Wednesday, December 12, 2007


"Hey, this ain't so bad!"

In a recent post, I conceded that, in my view, waterboarding was a form of torture. I will stick by that assessment although I would never compare it to more traditional forms that cause real pain and real injury-leading to death if prolonged. Following the debates this month over the pros and cons of waterboarding, I have come to the opinion that in certain cases, it is ok with me.

First of all, I don't think it should be practiced by our military and certainly not by our police in attempting to extract a confession from criminals. If, as it appears, the CIA has been using the technique with success on selected terrorist prisoners, with the goal of preventing terrorist attacks and saving innocent lives, then I have to concur.

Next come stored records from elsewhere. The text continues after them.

(* Let $k\ge1$, let $(x_{i+1/2})_{i\in\mathbb{Z}}$ be an arbitrary mesh and $(\bar v_i)_{i\in\mathbb{Z}}$ an arbitrary real sequence, and let $s_i$ and $v^\pm_{i+1/2}$ be the ENO stencil indices and cell interface values of the $k$th order ENO reconstruction. Then $s_i\le s_{i+1}$ for all $i$, and $$v^+_{i+1/2}-v^-_{i+1/2}=\sum_{s=s_i}^{s_{i+1}-1}[\bar v_s,\dots,\bar v_{s+k}]\,X_{i,s},\qquad X_{i,s}=(x_{s+k+1/2}-x_{s-1/2})\prod_{\substack{m=0\\ m\neq i-s}}^{k-1}(x_{i+1/2}-x_{s+m+1/2}),$$ where the sum is empty (equal to $0$) when $s_i=s_{i+1}$.
   Context: Mesh: a strictly increasing sequence $(x_{i+1/2})_{i\in\mathbb{Z}}$ of reals with $x_{i+1/2}\to\pm\infty$ as $i\to\pm\infty$; cells $I_i=[x_{i-1/2},x_{i+1/2})$ with lengths $\Delta x_i=x_{i+1/2}-x_{i-1/2}$. Given a real sequence $(\bar v_i)_{i\in\mathbb{Z}}$, the divided differences are defined by $[\bar v_i]=\bar v_i$ and, for $i<j$, $[\bar v_i,\dots,\bar v_j]=\frac{[\bar v_{i+1},\dots,\bar v_j]-[\bar v_i,\dots,\bar v_{j-1}]}{x_{j+1/2}-x_{i-1/2}}$. The $k$th order ENO reconstruction: for each $i$, set $s_i^1=i$, and for $\ell=1,\dots,k-1$ set $s_i^{\ell+1}=s_i^\ell-1$ if $\bigl|[\bar v_{s_i^\ell-1},\dots,\bar v_{s_i^\ell+\ell-1}]\bigr|<\bigl|[\bar v_{s_i^\ell},\dots,\bar v_{s_i^\ell+\ell}]\bigr|$, and $s_i^{\ell+1}=s_i^\ell$ otherwise; put $s_i=s_i^k\in\{i-k+1,\dots,i\}$. Then $p_i$ is the unique polynomial of degree at most $k-1$ with $\frac{1}{\Delta x_j}\int_{I_j}p_i(x)\,dx=\bar v_j$ for $j=s_i,\dots,s_i+k-1$. The cell interface values are $v^-_{i+1/2}=p_i(x_{i+1/2})$ and $v^+_{i+1/2}=p_{i+1}(x_{i+1/2})$. *)

(* The mesh and data take values in an arbitrary real field R
   (the paper's setting is R = the reals; the statement is purely algebraic). *)
From HB Require Import structures.
From mathcomp Require Import all_boot all_order all_algebra.
Set Implicit Arguments. Unset Strict Implicit. Unset Printing Implicit Defensive.
Import Order.TTheory GRing.Theory Num.Theory.
Local Open Scope ring_scope.

Section ENO.
Variable R : realFieldType.

(* Mesh: x i stands for x_{i+1/2}; cell I_i = [x (i-1), x i). *)
Definition strictly_increasing_mesh (x : int -> R) : Prop :=
  forall i : int, x i < x (i + 1).

Definition mesh_unbounded (x : int -> R) : Prop :=
  (forall M : R, exists N : int, forall i : int, N <= i -> M < x i) /\
  (forall M : R, exists N : int, forall i : int, i <= N -> x i < M).

(* dd x v i n = [v_i, ..., v_{i+n}] *)
Fixpoint dd (x : int -> R) (v : int -> R) (i : int) (n : nat) : R :=
  match n with
  | 0%N => v i
  | n'.+1 => (dd x v (i + 1) n' - dd x v i n') / (x (i + n'.+1%:Z) - x (i - 1))
  end.

(* eno_st x v i n = s_i^{n+1} *)
Fixpoint eno_st (x v : int -> R) (i : int) (n : nat) : int :=
  match n with
  | 0%N => i
  | n'.+1 => let s := eno_st x v i n' in
             if `|dd x v (s - 1) n'.+1| < `|dd x v s n'.+1| then s - 1 else s
  end.

Definition eno_stencil (k : nat) (x v : int -> R) (i : int) : int :=
  eno_st x v i k.-1.

Definition poly_prim (p : {poly R}) : {poly R} :=
  \poly_(j < (size p).+1) (if j is j'.+1 then p`_j' / j'.+1%:R else 0).

Definition cell_avg (x : int -> R) (p : {poly R}) (j : int) : R :=
  ((poly_prim p).[x j] - (poly_prim p).[x (j - 1)]) / (x j - x (j - 1)).

Definition is_eno_poly (k : nat) (x v : int -> R) (i : int) (p : {poly R}) : Prop :=
  (size p <= k)%N /\
  forall j : int, eno_stencil k x v i <= j <= eno_stencil k x v i + k%:Z - 1 ->
    cell_avg x p j = v j.

Definition Xcoef (k : nat) (x : int -> R) (i s : int) : R :=
  (x (s + k%:Z) - x (s - 1)) *
  \prod_(m < k | m%:Z != i - s) (x i - x (s + m%:Z)).

End ENO.

From HB Require Import structures.
From mathcomp Require Import all_boot all_order all_algebra.
From mathcomp Require Import zify ring lra.
Set Implicit Arguments. Unset Strict Implicit. Unset Printing Implicit Defensive.
Import Order.TTheory GRing.Theory Num.Theory.
Local Open Scope ring_scope.

(* Let V be a primitive of the cell data, V_j - V_{j-1} = v_j (x_{j+1/2} - x_{j-1/2}).
   A polynomial of degree < k has cell averages v_j on k consecutive cells iff its
   antiderivative interpolates V (up to a constant) at the k+1 bounding interfaces; so
   p_i = P_{s_i}', where P_s interpolates V at x_{s-1/2}, ..., x_{s+k-1/2}, and
   [v_s, ..., v_{s+k}] is the leading coefficient of the interpolant of V at the
   k+2 nodes x_{s-1/2}, ..., x_{s+k+1/2}.
   Two interpolants on node sets shifted by one differ by a multiple of the nodal
   polynomial of their k common nodes, whose derivative at a node is a product of
   node differences.  Since each ENO step moves the stencil by at most one cell,
   s_i <= s_{i+1} and x_{i+1/2} is a common node of all shifted node sets between the
   two stencils; telescoping over them gives the formula. *)

Section Mesh.
Variable R : realFieldType.
Variable x : int -> R.
Hypothesis x_incr : strictly_increasing_mesh x.

Lemma mesh_lt_addS (a : int) (n : nat) : x a < x (a + n.+1%:Z).
Proof.
elim: n => [|n IH]; first exact: x_incr.
apply: (lt_trans IH); have -> : a + n.+2%:Z = a + n.+1%:Z + 1 by lia.
exact: x_incr.
Qed.

Lemma mesh_lt (a b : int) : a < b -> x a < x b.
Proof.
move=> ab; have -> : b = a + (absz (b - a - 1)%R).+1%:Z by lia.
exact: mesh_lt_addS.
Qed.

Lemma mesh_inj : injective x.
Proof.
by move=> a b eab; case: (ltgtP a b) => // /mesh_lt; rewrite eab ltxx.
Qed.

Lemma mesh_sub_neq0 (a b : int) : a < b -> x b - x a != 0.
Proof. by move=> /mesh_lt ab; rewrite subr_eq0 gt_eqF. Qed.

Lemma uniq_mesh_nodes (a : int) (n : nat) : uniq [seq x (a + t%:Z) | t <- iota 0 n].
Proof. by rewrite map_inj_uniq ?iota_uniq // => t1 t2 /mesh_inj; lia. Qed.

End Mesh.

Lemma poly_eq0_roots (R : idomainType) (q : {poly R}) (rs : seq R) :
  (size q <= size rs)%N -> all (root q) rs -> uniq rs -> q = 0.
Proof.
move=> sq rq urs; apply/eqP/negPn/negP => q0.
by have := max_poly_roots q0 rq urs; rewrite ltnNge sq.
Qed.

Lemma coefXsubCM_last (R : nzRingType) (c : R) (p : {poly R}) (n : nat) :
  (size p <= n.+1)%N -> (('X - c%:P) * p)`_n.+1 = p`_n.
Proof.
move=> sp; rewrite mulrBl coefB coefXM coefCM /=.
by rewrite (nth_default _ sp) mulr0 subr0.
Qed.

Lemma deriv_prod_XsubC_at (R : comNzRingType) (n : nat) (f : 'I_n -> R) (m0 : 'I_n) :
  (\prod_(t < n) ('X - (f t)%:P))^`().[f m0] = \prod_(t < n | t != m0) (f m0 - f t).
Proof.
rewrite (bigD1 m0) //= derivM derivXsubC mul1r hornerD hornerM hornerXsubC.
rewrite subrr mul0r addr0 horner_prod; apply: eq_bigr => t _.
by rewrite hornerXsubC.
Qed.

Lemma deriv_poly_prim (R : realFieldType) (p : {poly R}) : (poly_prim p)^`() = p.
Proof.
apply/polyP => j; rewrite coef_deriv coef_poly ltnS.
case: ltnP => hj; last by rewrite (nth_default _ hj) -mulr_natr mul0r.
have nz : (j.+1%:R : R) != 0 by rewrite pnatr_eq0.
by rewrite -mulrnAr -mulr_natl mulfV // mulr1.
Qed.

Section Neville.
Variable R : realFieldType.
Variables x V : int -> R.
Hypothesis x_incr : strictly_increasing_mesh x.

(* The interpolant of V at the nodes x a, ..., x (a + n), by Neville's recursion. *)
Fixpoint neville (a : int) (n : nat) : {poly R} :=
  match n with
  | 0%N => (V a)%:P
  | n'.+1 => (x (a + n'.+1%:Z) - x a)^-1 *:
      (('X - (x a)%:P) * neville (a + 1) n' - ('X - (x (a + n'.+1%:Z))%:P) * neville a n')
  end.

Definition neville_lead (a : int) (n : nat) : R := (neville a n)`_n.

Lemma size_neville (a : int) (n : nat) : (size (neville a n) <= n.+1)%N.
Proof.
elim: n a => [|n IH] a /=; first exact: size_polyC_leq1.
apply: leq_trans (size_scale_leq _ _) _.
apply: leq_trans (size_polyD _ _) _; rewrite size_polyN geq_max.
by apply/andP; split; apply: leq_trans (size_polyMleq _ _) _; rewrite size_XsubC /=; exact: IH.
Qed.

Lemma neville_interp (a : int) (n j : nat) :
  (j <= n)%N -> (neville a n).[x (a + j%:Z)] = V (a + j%:Z).
Proof.
elim: n a j => [|n IH] a j /=.
  by rewrite leqn0 => /eqP ->; rewrite hornerC addr0.
move=> jn; have d0 : x (a + n.+1%:Z) - x a != 0 by apply: (mesh_sub_neq0 x_incr); lia.
rewrite hornerZ hornerD hornerN !hornerM !hornerXsubC.
case: j jn => [|j] jn.
  have := IH a 0%N (leq0n n); rewrite !addr0 => ->.
  rewrite subrr mul0r add0r -mulNr opprB.
  by rewrite mulrA mulVf ?mul1r.
have -> : (neville (a + 1) n).[x (a + j.+1%:Z)] = V (a + j.+1%:Z).
  have -> : a + j.+1%:Z = a + 1 + j%:Z by lia.
  exact: IH.
case: (ltngtP j n) => [jlt | jgt | ->].
- rewrite IH // -mulrBl.
  have -> : x (a + j.+1%:Z) - x a - (x (a + j.+1%:Z) - x (a + n.+1%:Z)) =
            x (a + n.+1%:Z) - x a by ring.
  by rewrite mulrA mulVf // mul1r.
- by move: jn; rewrite ltnS leqNgt jgt.
- by rewrite subrr mul0r subr0 mulrA mulVf // mul1r.
Qed.

Lemma neville_lead_rec (a : int) (n : nat) :
  neville_lead a n.+1 =
    (neville_lead (a + 1) n - neville_lead a n) / (x (a + n.+1%:Z) - x a).
Proof.
by rewrite /neville_lead /= coefZ coefB !coefXsubCM_last ?size_neville // mulrC.
Qed.

(* Both interpolants agree at the n common nodes and the difference has degree <= n. *)
Lemma neville_shift_sub (a : int) (n : nat) :
  neville (a + 1) n - neville a n =
  (neville_lead (a + 1) n - neville_lead a n) *:
    \prod_(t < n) ('X - (x (a + 1 + t%:Z))%:P).
Proof.
set q := neville (a + 1) n - neville a n.
set rs := [seq x (a + 1 + t%:Z) | t <- iota 0 n].
have size_rs : size rs = n by rewrite size_map size_iota.
have rs_roots : all (root q) rs.
  apply/allP => z /mapP [t]; rewrite mem_iota add0n => /andP [_ tn] ->.
  rewrite /root /q hornerD hornerN neville_interp ?(ltnW tn) //.
  have -> : a + 1 + t%:Z = a + t.+1%:Z by lia.
  by rewrite neville_interp // subrr.
have uniq_rs : uniq rs by apply: uniq_mesh_nodes.
have size_q : (size q <= n.+1)%N.
  by apply: leq_trans (size_polyD _ _) _; rewrite size_polyN geq_max !size_neville.
have lead_q : q`_n = neville_lead (a + 1) n - neville_lead a n by rewrite coefB.
case: (ltngtP (size q) n.+1) => [q_small | q_big | q_size].
- have q0 : q = 0 by apply: (poly_eq0_roots _ rs_roots uniq_rs); rewrite size_rs -ltnS.
  by rewrite -lead_q q0 coef0 scale0r.
- by move: size_q; rewrite leqNgt q_big.
- rewrite {1}(all_roots_prod_XsubC _ rs_roots) ?size_rs ?uniq_rootsE //.
  rewrite /lead_coef q_size /= lead_q big_map.
  by rewrite -(subn0 n) -/(index_iota 0 n) big_mkord subn0.
Qed.

Lemma deriv_neville_shift_sub_at (a i : int) (k : nat) :
  a < i <= a + k%:Z ->
  (neville (a + 1) k - neville a k)^`().[x i] =
    neville_lead a k.+1 * Xcoef k x i (a + 1).
Proof.
move=> hi; have dk : x (a + k.+1%:Z) - x a != 0 by apply: (mesh_sub_neq0 x_incr); lia.
rewrite /Xcoef; have -> : a + 1 + k%:Z = a + k.+1%:Z by lia.
rewrite neville_shift_sub derivZ hornerZ neville_lead_rec addrK mulrA divfK //.
congr (_ * _).
have m0_lt : (absz (i - (a + 1))%R < k)%N by lia.
pose f (m : 'I_k) := x (a + 1 + m%:Z).
have -> : x i = f (Ordinal m0_lt) by rewrite /f /=; congr x; lia.
rewrite (deriv_prod_XsubC_at f); apply: eq_bigl => m /=.
apply/idP/idP => /eqP ne; apply/eqP => eq; apply: ne.
  by apply: val_inj => /=; lia.
by move: eq => /(congr1 val) /= ->; lia.
Qed.

End Neville.

Section ENOStencil.
Variable R : realFieldType.
Variables x v : int -> R.

Lemma eno_st_bounds (i : int) (n : nat) : i - n%:Z <= eno_st x v i n <= i.
Proof. by elim: n => [|n IH] /=; [lia | case: ifP => _; lia]. Qed.

(* Each step moves the stencil left by at most one, so the stencils of i and i + 1 can
   only cross if they were equal one step earlier, and then they move alike. *)
Lemma eno_st_mono (i : int) (n : nat) : eno_st x v i n <= eno_st x v (i + 1) n.
Proof.
elim: n => [|n IH] /=; first by lia.
have := eno_st_bounds i n; have := eno_st_bounds (i + 1) n.
case: (eqVneq (eno_st x v i n) (eno_st x v (i + 1) n)) => [-> | neq].
  by case: ifP => _; lia.
by case: ifP => _; case: ifP => _; lia.
Qed.

End ENOStencil.

Section ENOReconstruction.
Variable R : realFieldType.
Variables x v V : int -> R.
Hypothesis x_incr : strictly_increasing_mesh x.
Hypothesis V_prim : forall j, V j - V (j - 1) = v j * (x j - x (j - 1)).

Lemma cell_sub_neq0 (j : int) : x j - x (j - 1) != 0.
Proof. by apply: (mesh_sub_neq0 x_incr); lia. Qed.

Lemma dd_neville_lead (i : int) (n : nat) :
  dd x v i n = neville_lead x V (i - 1) n.+1.
Proof.
elim: n i => [|n IH] i.
  by rewrite neville_lead_rec /neville_lead /= !coefC subrK V_prim mulfK ?cell_sub_neq0.
rewrite neville_lead_rec /= !IH addrK subrK.
by have -> : i - 1 + n.+2%:Z = i + n.+1%:Z by lia.
Qed.

Lemma cell_avg_eq_neville (k : nat) (p : {poly R}) (s : int) :
  (size p <= k)%N ->
  (forall j, s <= j <= s + k%:Z - 1 -> cell_avg x p j = v j) ->
  p = (neville x V (s - 1) k)^`().
Proof.
move=> size_p avg_p.
set P := poly_prim p.
set Q := P - (P.[x (s - 1)] - V (s - 1))%:P.
have Q_interp j : (j <= k)%N -> Q.[x (s - 1 + j%:Z)] = V (s - 1 + j%:Z).
  elim: j => [|j IH] jk; first by rewrite addr0 /Q hornerD hornerN hornerC; ring.
  have avg_j := avg_p (s - 1 + j.+1%:Z) ltac:(lia).
  have Vj := V_prim (s - 1 + j.+1%:Z).
  have dj := cell_sub_neq0 (s - 1 + j.+1%:Z).
  have e : s - 1 + j.+1%:Z - 1 = s - 1 + j%:Z by lia.
  rewrite /cell_avg -/P e in avg_j; rewrite e in Vj dj.
  have jump : P.[x (s - 1 + j.+1%:Z)] - P.[x (s - 1 + j%:Z)] =
              V (s - 1 + j.+1%:Z) - V (s - 1 + j%:Z) by rewrite Vj -avg_j mulfVK.
  move: (IH (ltnW jk)); rewrite /Q !hornerD !hornerN !hornerC; lra.
have -> : p = Q^`() by rewrite /Q derivB derivC subr0 deriv_poly_prim.
congr deriv; apply/eqP; rewrite -subr_eq0; apply/eqP.
apply: (poly_eq0_roots (rs := [seq x (s - 1 + t%:Z) | t <- iota 0 k.+1])).
- rewrite size_map size_iota.
  apply: leq_trans (size_polyD _ _) _; rewrite size_polyN geq_max size_neville andbT.
  apply: leq_trans (size_polyD _ _) _; rewrite size_polyN geq_max.
  rewrite (leq_trans (size_poly _ _)) ?ltnS //=.
  exact: leq_trans (size_polyC_leq1 _) _.
- apply/allP => z /mapP [t]; rewrite mem_iota add0n ltnS => /andP [_ tk] ->.
  by rewrite /root hornerD hornerN Q_interp // neville_interp // subrr.
- exact: uniq_mesh_nodes.
Qed.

What drives me over the edge on this question is the revelation that the technique was used on two major terrorist figures, Khalid Sheikh Mohammed, one of the 9-11 planners and Abu Zubaydah. In both cases, these terrorists quicky gave in, and gave confessions and intelligence that has prevented several attacks, according to the CIA.

So do I favor prosecuting the CIA operatives who carried out the interrogations? Absolutely not, especially since it appears they had authorization at the highest levels. Does that mean that George Bush, Dick Cheney and others should be prosecuted for authorizing the technique? Not in my opinion. Whatever you may think of the practice, the motive was to save innocent lives against an enemy that we had never confronted before. Other practicioners of torture, such as Saddam Hussein, the Shah of Iran and others did it for purposes of protecting their power and suppressing their enemies, usually decent, innocent people.

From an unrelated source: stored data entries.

(** Transporting an enumeration along an isomorphism preserves its
    certificate, hence labels. *)
Lemma iso_preserves_labels A A' l : iso [2] A A' -> is_label A l -> is_label A' l.
Proof.
  intros (f & g & Hf & _ & Hrel) (b & T & m & c & j & V & R & ->).
  destruct (sequence_code (fun i => f (dig T b i)) m) as (b' & T' & HT').
  apply validb_spec in V as (I & Hc & Hj). apply injb_spec in I.
  exists b', T', m, c, j. split; [|split; [|reflexivity]].
  - apply validb_spec. repeat split; auto. apply injb_spec. intros i k Hi Hk E.
    rewrite !HT' in E by assumption. apply I; [assumption..|].
    destruct (realizes_rel A b T m c i i R Hi Hi) as [Ui _].
    destruct (realizes_rel A b T m c k k R Hk Hk) as [Uk _].
    rewrite <- (proj2 (Hf _ Ui)), <- (proj2 (Hf _ Uk)). congruence.
  - apply realizes_intro. intros i k Hi Hk. rewrite !HT' by assumption.
    destruct (realizes_rel A b T m c i k R Hi Hk) as [Ui HR].
    destruct (realizes_rel A b T m c k k R Hk Hk) as [Uk _].
    split; [now apply Hf|]. rewrite <- HR. symmetry.
    apply (Hrel 0 [dig T b i; dig T b k]); cbn; auto.
Qed.

Definition same_diagram (B B' : structure) :=
  forall phi, in_diagram [2] B phi <-> in_diagram [2] B' phi.

Lemma in_diagram_eq C x : in_diagram [2] C (true, AEq x x) <-> univ C x.
Proof.
  unfold in_diagram. cbn. split.
  - intros (_ & Hu & _). now inversion Hu.
  - intros H. split; [exact I|]. split; [repeat constructor; assumption|tauto].
Qed.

Another argument that goes against prosecuting Bush et al is that we now know that in Septemebr 2002, several members of Congress, including Nancy Pelosi, were given a tour of CIA detention facilities and briefed on the interrogation techniques, including waterboarding. Not only was there no objection, but at least two members asked why more aggressive means of questioning were not used. In addition, several other Congressional leaders received briefings, apparently including Jane Harmon (D-CA) and Jay Rockefeller (D-WV). Duncan Hunter (R-CA) freely acknowledges that he received briefings and that he agrees with the practice. Joe Biden (who doesn't) says he wants the appointment of a special prosecutor. Of course, he knows Congress can call for hearings itself, but perhaps he is reluctant to lead an inquest that would embarrass Pelosi and other key Democrats.

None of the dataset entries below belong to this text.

Lemma coord_cases (p : coord r Hs) :
  [\/ exists2 p', p' \in inner_coords &
        forall x y (F : path_map r n Hs), path_emb G x y F -> emb_at F p = emb_at F p',
      forall x y (F : path_map r n Hs), path_emb G x y F -> emb_at F p = x |
      forall x y (F : path_map r n Hs), path_emb G x y F -> emb_at F p = y].
Proof.
case: p => i u; rewrite /emb_at /=.
have [->|not_first] := eqVneq u (pg_w1 (copy Hs i)).
  case: (posnP i) => [i0|i_gt0].
    by apply: Or32 => x y F /path_embP[_ _ firstF _]; apply: firstF.
  have lt_prev : i.-1 < size Hs by rewrite (leq_ltn_trans (leq_pred i)).
  pose prev := Ordinal lt_prev.
  apply: Or31; exists (prev, pg_w2 (copy Hs prev)).
    rewrite inE /= eq_sym copy_w1_neq_w2 //=.
    by apply/negP=> /andP[/eqP eq_prev _]; have := ltn_ord i; lia.
  move=> x y F /path_embP[_ identF _ _]; apply/eqP; rewrite identF /pident /=.
  by rewrite prednK // !eqxx !orbT.
case: (boolP (((i : nat) == (size Hs).-1) && (u == pg_w2 (copy Hs i)))).
  case/andP=> /eqP i_last /eqP ->.
  by apply: Or33 => x y F /path_embP[_ _ _ lastF]; apply: lastF.
by move=> not_last; apply: Or31; exists (i, u); rewrite // inE /= not_first.
Qed.

Lemma emb_determined x y (F F' : path_map r n Hs) :
  path_emb G x y F -> path_emb G x y F' ->
  {in inner_coords, emb_at F =1 emb_at F'} -> F = F'.
Proof.
move=> embF embF' eqFF'; apply/ffunP=> i; apply/ffunP=> u.
case: (coord_cases (i, u)) => [[p' p'_inner eq_p] | eq_p | eq_p];
  rewrite -[F i u]/(emb_at F (i, u)) -[F' i u]/(emb_at F' (i, u));
  rewrite (eq_p _ _ _ embF) (eq_p _ _ _ embF') //.
exact: eqFF'.
Qed.

End OnePath.

(* [pident] on plain indices, so that it can be compared along [Hsx ++ Hsy]. *)
Definition pidentn r (Hs : seq (pgraph r)) (i : nat) (u : 'I_r.+1) (j : nat)
    (v : 'I_r.+1) : bool :=
  [|| (i == j) && (u == v),
      [&& j == i.+1, u == pg_w2 (copy Hs i) & v == pg_w1 (copy Hs j)]
    | [&& i == j.+1, v == pg_w2 (copy Hs j) & u == pg_w1 (copy Hs i)]].

Lemma pidentE r (Hs : seq (pgraph r)) (i j : 'I_(size Hs)) u v :
  pident i u j v = pidentn Hs i u j v.
Proof. by []. Qed.

Lemma pidentnC r (Hs : seq (pgraph r)) i u j v :
  pidentn Hs i u j v = pidentn Hs j v i u.
Proof.
by rewrite /pidentn [i == j]eq_sym [u == v]eq_sym; case: (_ && _) => //=; rewrite orbC.
Qed.

Lemma pidentn_catl r (Hsx Hsy : seq (pgraph r)) i u j v :
  i < size Hsx -> j < size Hsx -> pidentn (Hsx ++ Hsy) i u j v = pidentn Hsx i u j v.
Proof. by move=> lt_i lt_j; rewrite /pidentn !nth_cat lt_i lt_j. Qed.

Lemma pidentn_catr r (Hsx Hsy : seq (pgraph r)) i u j v :
  pidentn (Hsx ++ Hsy) (size Hsx + i) u (size Hsx + j) v = pidentn Hsy i u j v.
Proof.
rewrite /pidentn !nth_cat !ltnNge !leq_addr /= !addKn.
by rewrite eqn_add2l -!addnS !eqn_add2l.
Qed.

Lemma pidentn_cat_mid r (Hsx Hsy : seq (pgraph r)) i u j v : i < size Hsx ->
  pidentn (Hsx ++ Hsy) i u (size Hsx + j) v =
  [&& size Hsx + j == i.+1, u == pg_w2 (copy Hsx i) & v == pg_w1 (copy Hsy j)].
Proof.
move=> lt_i; rewrite /pidentn !nth_cat lt_i ltnNge leq_addr /= addKn.
have -> : (i == size Hsx + j) = false by apply/eqP; lia.
have -> : (i == (size Hsx + j).+1) = false by apply/eqP; lia.
by rewrite orbF.
Qed.

Section Concatenation.

Variables (r n : nat) (G : rel 'I_n) (Hsx Hsy : seq (pgraph r)).
Hypotheses (Hsx_ok : all (@pg_ok r) Hsx) (Hsy_ok : all (@pg_ok r) Hsy).

Definition cat_emb (F1 : path_map r n Hsx) (F2 : path_map r n Hsy) :
    path_map r n (Hsx ++ Hsy) :=
  [ffun i => match split (cast_ord (size_cat Hsx Hsy) i) with
             | inl i1 => F1 i1 | inr i2 => F2 i2 end].

Definition meet_only_at z (F1 : path_map r n Hsx) (F2 : path_map r n Hsy) : bool :=
  [forall p, forall q, (emb_at F1 p == emb_at F2 q) ==> (emb_at F1 p == z)].

Lemma cat_emb_cases F1 F2 (i : 'I_(size (Hsx ++ Hsy))) :
  (exists2 i1 : 'I_(size Hsx), (i : nat) = i1 & cat_emb F1 F2 i = F1 i1) \/
  (exists2 i2 : 'I_(size Hsy), (i : nat) = size Hsx + i2 & cat_emb F1 F2 i = F2 i2).
Proof.
by rewrite ffunE; case: splitP => [i1|i2] eq_i; [left; exists i1 | right; exists i2].
Qed.

Lemma cat_emb_l F1 F2 (i : 'I_(size (Hsx ++ Hsy))) (i1 : 'I_(size Hsx)) :
  (i : nat) = i1 -> cat_emb F1 F2 i = F1 i1.
Proof.
move=> eq_i; case: (cat_emb_cases F1 F2 i) => [[j eq_j ->] | [j eq_j _]].
  by congr (F1 _); apply: val_inj; rewrite /= -eq_j.
by have := ltn_ord i1; rewrite -eq_i eq_j ltnNge leq_addr.
Qed.

Lemma cat_emb_r F1 F2 (i : 'I_(size (Hsx ++ Hsy))) (i2 : 'I_(size Hsy)) :
  (i : nat) = size Hsx + i2 -> cat_emb F1 F2 i = F2 i2.
Proof.
move=> eq_i; case: (cat_emb_cases F1 F2 i) => [[j eq_j _] | [j eq_j ->]].
  by have := ltn_ord j; rewrite -eq_j eq_i ltnNge leq_addr.
by congr (F2 _); apply: val_inj; apply/eqP; rewrite -(eqn_add2l (size Hsx)) -eq_i eq_j.
Qed.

In my earlier posting on torture, I stated that as a retired law enforcement officer (DEA), I never did it and never would have countenanced the practice as a law enforcement tool. I would make an exception in the case of a kidnapped agent (such as DEA's Enrique Camarena in 1985)and if I were ever confronted with a suspect who I knew was aware of the agent's location. This seems to me to be similar to having a prisoner such as Khalid Sheikh Mohammed, who was aware of numerous plots in the works to kill innocent Americans by the thousands. How do you look yourself in the mirror if you refuse to use aggressive interrogation techniques, the terrorist remains defiantly silent and, as a result, a terrorist act is carried out with a huge loss of life? No. I think we have to realize that this is a dirty war, one in which we didn't set the ground rules. If the rest of the world doesn't like it-too bad. Most of the rest of the world is not lifting a finger to help us anyway.

And don't talk to me about the Geneva Convention. That is a treaty designed to protect captured soldiers (who are honorable people), not criminal terrorists-who represent no nation, represent no signatory to the Convention, do not follow its rules-indeed, they use methods that target innocent civilians. They are not protected by the Geneva Convention either morally or legally. In addition, we have also learned that being humane to those we take as prisoner in no way protects our own soldiers who fall into terrorist hands. They are routinely slaughtered anyway.

So enough. Let's stop flagellating ourselves over this waterboarding business and stop advertising to our enemies how we are going to interrogate them. Finally, lets stop fighting ourselves and direct our attention to the bad guys.